[Saved entries]
+ + + + +

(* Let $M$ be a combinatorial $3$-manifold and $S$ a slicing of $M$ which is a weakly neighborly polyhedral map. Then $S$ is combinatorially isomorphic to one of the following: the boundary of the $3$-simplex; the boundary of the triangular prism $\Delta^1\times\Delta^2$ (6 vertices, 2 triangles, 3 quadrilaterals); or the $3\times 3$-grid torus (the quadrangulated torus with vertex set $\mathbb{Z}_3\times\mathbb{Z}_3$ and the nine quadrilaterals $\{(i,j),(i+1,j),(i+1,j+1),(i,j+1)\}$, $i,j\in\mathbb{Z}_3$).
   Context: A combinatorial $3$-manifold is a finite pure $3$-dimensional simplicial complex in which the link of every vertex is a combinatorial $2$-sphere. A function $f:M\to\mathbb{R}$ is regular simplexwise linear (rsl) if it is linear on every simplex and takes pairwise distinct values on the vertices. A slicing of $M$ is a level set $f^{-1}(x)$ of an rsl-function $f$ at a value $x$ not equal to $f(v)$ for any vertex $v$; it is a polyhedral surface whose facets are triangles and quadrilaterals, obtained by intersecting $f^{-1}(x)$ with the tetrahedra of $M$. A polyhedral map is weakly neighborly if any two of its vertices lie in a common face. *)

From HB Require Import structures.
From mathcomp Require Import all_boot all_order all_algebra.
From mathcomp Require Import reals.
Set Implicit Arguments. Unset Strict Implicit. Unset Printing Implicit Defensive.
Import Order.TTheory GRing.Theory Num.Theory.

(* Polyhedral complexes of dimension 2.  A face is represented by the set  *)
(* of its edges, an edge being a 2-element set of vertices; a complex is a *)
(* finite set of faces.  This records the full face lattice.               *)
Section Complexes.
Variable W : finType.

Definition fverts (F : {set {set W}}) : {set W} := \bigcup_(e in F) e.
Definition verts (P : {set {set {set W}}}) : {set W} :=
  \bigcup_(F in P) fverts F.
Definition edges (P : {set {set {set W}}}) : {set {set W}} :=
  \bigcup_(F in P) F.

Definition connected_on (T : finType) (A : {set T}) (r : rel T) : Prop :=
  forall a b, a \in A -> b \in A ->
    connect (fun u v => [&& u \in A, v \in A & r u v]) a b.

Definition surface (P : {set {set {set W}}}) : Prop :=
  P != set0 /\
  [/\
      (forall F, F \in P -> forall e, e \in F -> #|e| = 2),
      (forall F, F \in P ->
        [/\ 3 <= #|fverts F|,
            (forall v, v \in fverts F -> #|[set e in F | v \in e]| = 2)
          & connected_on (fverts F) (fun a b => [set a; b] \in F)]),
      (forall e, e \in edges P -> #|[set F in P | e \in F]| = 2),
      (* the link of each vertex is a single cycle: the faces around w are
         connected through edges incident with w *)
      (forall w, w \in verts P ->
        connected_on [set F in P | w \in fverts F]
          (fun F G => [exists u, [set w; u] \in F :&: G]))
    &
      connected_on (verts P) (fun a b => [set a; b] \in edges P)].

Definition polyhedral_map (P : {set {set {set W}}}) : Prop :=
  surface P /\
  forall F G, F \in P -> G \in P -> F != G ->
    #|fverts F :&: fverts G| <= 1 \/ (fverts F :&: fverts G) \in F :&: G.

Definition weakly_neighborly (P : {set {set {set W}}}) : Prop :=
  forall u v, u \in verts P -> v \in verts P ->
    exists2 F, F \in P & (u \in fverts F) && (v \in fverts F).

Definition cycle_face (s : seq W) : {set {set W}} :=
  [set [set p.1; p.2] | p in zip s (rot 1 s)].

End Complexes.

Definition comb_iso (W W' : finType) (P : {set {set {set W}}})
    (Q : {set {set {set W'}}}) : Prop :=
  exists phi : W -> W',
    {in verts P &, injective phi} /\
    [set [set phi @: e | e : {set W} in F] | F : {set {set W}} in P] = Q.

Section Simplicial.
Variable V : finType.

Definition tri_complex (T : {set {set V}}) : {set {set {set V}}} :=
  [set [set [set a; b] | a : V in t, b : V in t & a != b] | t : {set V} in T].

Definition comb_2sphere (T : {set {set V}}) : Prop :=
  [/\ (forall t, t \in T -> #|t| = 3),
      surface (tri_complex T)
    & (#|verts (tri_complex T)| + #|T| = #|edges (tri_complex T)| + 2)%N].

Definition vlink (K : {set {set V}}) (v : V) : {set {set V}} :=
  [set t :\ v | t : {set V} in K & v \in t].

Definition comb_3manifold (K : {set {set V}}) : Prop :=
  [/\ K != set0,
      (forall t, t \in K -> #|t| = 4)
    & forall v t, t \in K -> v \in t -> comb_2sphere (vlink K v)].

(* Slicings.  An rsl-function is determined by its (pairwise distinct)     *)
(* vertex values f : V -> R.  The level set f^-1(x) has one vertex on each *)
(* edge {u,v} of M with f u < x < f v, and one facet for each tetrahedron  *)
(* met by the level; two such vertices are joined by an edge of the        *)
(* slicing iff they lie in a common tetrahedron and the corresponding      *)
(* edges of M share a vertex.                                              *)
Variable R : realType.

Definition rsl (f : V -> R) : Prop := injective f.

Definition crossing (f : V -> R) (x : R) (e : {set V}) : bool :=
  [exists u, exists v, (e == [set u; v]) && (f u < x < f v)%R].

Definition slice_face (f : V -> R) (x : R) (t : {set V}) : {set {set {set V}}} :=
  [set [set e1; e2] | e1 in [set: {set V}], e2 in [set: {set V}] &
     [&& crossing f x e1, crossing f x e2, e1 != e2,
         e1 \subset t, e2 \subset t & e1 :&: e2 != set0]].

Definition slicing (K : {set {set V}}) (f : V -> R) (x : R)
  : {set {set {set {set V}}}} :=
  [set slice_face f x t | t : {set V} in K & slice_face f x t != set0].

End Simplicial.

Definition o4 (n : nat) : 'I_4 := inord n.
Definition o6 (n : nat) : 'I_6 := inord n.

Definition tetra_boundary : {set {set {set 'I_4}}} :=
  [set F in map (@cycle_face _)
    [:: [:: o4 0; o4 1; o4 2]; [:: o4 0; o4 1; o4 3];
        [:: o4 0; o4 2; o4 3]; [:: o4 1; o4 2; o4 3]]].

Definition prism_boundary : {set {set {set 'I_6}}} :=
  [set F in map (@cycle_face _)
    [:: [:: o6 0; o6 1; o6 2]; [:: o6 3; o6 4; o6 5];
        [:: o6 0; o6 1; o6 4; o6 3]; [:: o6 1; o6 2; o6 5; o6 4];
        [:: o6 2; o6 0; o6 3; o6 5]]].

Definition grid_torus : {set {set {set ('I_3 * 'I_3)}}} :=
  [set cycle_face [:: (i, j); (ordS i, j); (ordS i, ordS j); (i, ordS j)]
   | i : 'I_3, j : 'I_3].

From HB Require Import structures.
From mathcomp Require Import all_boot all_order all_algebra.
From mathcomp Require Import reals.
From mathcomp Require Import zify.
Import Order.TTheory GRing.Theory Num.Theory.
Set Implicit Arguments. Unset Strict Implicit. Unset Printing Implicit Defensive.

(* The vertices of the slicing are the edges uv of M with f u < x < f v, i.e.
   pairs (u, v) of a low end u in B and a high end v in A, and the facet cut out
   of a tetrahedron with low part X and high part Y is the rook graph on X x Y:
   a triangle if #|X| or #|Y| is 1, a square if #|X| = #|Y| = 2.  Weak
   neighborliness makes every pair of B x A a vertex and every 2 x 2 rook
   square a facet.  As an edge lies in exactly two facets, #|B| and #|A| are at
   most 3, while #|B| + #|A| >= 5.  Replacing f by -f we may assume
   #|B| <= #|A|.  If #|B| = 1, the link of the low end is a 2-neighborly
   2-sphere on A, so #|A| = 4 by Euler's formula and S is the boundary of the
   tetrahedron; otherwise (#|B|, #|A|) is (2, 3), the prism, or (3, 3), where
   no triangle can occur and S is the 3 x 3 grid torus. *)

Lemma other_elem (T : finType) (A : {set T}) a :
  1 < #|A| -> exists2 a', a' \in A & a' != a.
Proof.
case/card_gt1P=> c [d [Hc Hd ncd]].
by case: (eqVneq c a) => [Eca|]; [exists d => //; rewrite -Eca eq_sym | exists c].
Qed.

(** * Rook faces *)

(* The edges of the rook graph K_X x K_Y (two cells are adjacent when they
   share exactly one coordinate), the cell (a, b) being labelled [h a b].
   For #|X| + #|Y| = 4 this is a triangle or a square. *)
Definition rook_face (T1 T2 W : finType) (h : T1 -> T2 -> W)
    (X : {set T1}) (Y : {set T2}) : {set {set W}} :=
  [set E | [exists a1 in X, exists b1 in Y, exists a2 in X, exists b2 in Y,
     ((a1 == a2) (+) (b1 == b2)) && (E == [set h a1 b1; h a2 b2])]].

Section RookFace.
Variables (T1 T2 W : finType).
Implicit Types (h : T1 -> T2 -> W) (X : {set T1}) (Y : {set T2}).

+ + + + +

WHAT THE TASK REQUIRES: Work out the number of lines in the records containing the word "each". Write only that number.

PROBLEM SOLUTION: 3